▶ **PROVIDED INFORMATION**
(* Bernstein expansion Q = sum_{j<=d} c_j B_{d,j}, using partition of unity and the mean. *)
Lemma deficit_bernstein u :
  deficit d K u = sum_f_R0 (fun j => deficit_coef d K j * bern d j u) d.
Proof.
  assert (Hd : INR d <> 0) by (apply not_0_INR; lia).
  assert (HP : dispatch_sum d K u = sum_f_R0 (fun j => INR (K - j) * bern d j u) d).
  { unfold dispatch_sum.
    rewrite (sum_zero_tail (fun j => INR (K - j) * bern d j u) (K - 1) d) by
      (try lia; intros j Hj; replace (K - j)%nat with 0%nat by lia; simpl; ring).
    apply sum_eq. intros; unfold bern; ring. }
  unfold deficit, deficit_coef. rewrite HP.
  rewrite (sum_eq (fun j => (INR K - INR K * INR j / INR d - INR (K - j)) * bern d j u)
                  (fun j => (bern d j u * INR K - (INR j * bern d j u) * (INR K / INR d))
                              - INR (K - j) * bern d j u))
    by (intros; cbv beta; field; assumption).
  rewrite !minus_sum, <- !scal_sum, bern_mean, bern_sum. field. assumption.
Qed.

Lemma deficit_coef_formula j : (j <= d)%nat ->
  deficit_coef d K j =
  (if Compare_dec.le_dec j K then INR j * (INR d - INR K) else INR K * (INR d - INR j)) / INR d.
Proof.
  intros Hj. assert (INR d <> 0) by (apply not_0_INR; lia). unfold deficit_coef.
  destruct (Compare_dec.le_dec j K).
  - rewrite minus_INR by assumption. field. assumption.
  - replace (K - j)%nat with 0%nat by lia. simpl INR. field. assumption.
Qed.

▶ **TASK REQUIREMENTS**
Set down each line of the material above again, exactly.

▶ **REPLY TO THE EXERCISE**
(* Bernstein expansion Q = sum_{j<=d} c_j B_{d,j}, using partition of unity and the mean. *)
Lemma deficit_bernstein u :
  deficit d K u = sum_f_R0 (fun j => deficit_coef d K j * bern d j u) d.
Proof.
  assert (Hd : INR d <> 0) by (apply not_0_INR; lia).
  assert (HP : dispatch_sum d K u = sum_f_R0 (fun j => INR (K - j) * bern d j u) d).
  { unfold dispatch_sum.
    rewrite (sum_zero_tail (fun j => INR (K - j) * bern d j u) (K - 1) d) by
      (try lia; intros j Hj; replace (K - j)%nat with 0%nat by lia; simpl; ring).
    apply sum_eq. intros; unfold bern; ring. }
  unfold deficit, deficit_coef. rewrite HP.
  rewrite (sum_eq (fun j => (INR K - INR K * INR j / INR d - INR (K - j)) * bern d j u)
                  (fun j => (bern d j u * INR K - (INR j * bern d j u) * (INR K / INR d))
                              - INR (K - j) * bern d j u))
    by (intros; cbv beta; field; assumption).
  rewrite !minus_sum, <- !scal_sum, bern_mean, bern_sum. field. assumption.
Qed.

Lemma deficit_coef_formula j : (j <= d)%nat ->
  deficit_coef d K j =
  (if Compare_dec.le_dec j K then INR j * (INR d - INR K) else INR K * (INR d - INR j)) / INR d.
Proof.
  intros Hj. assert (INR d <> 0) by (apply not_0_INR; lia). unfold deficit_coef.
  destruct (Compare_dec.le_dec j K).
  - rewrite minus_INR by assumption. field. assumption.
  - replace (K - j)%nat with 0%nat by lia. simpl INR. field. assumption.
Qed.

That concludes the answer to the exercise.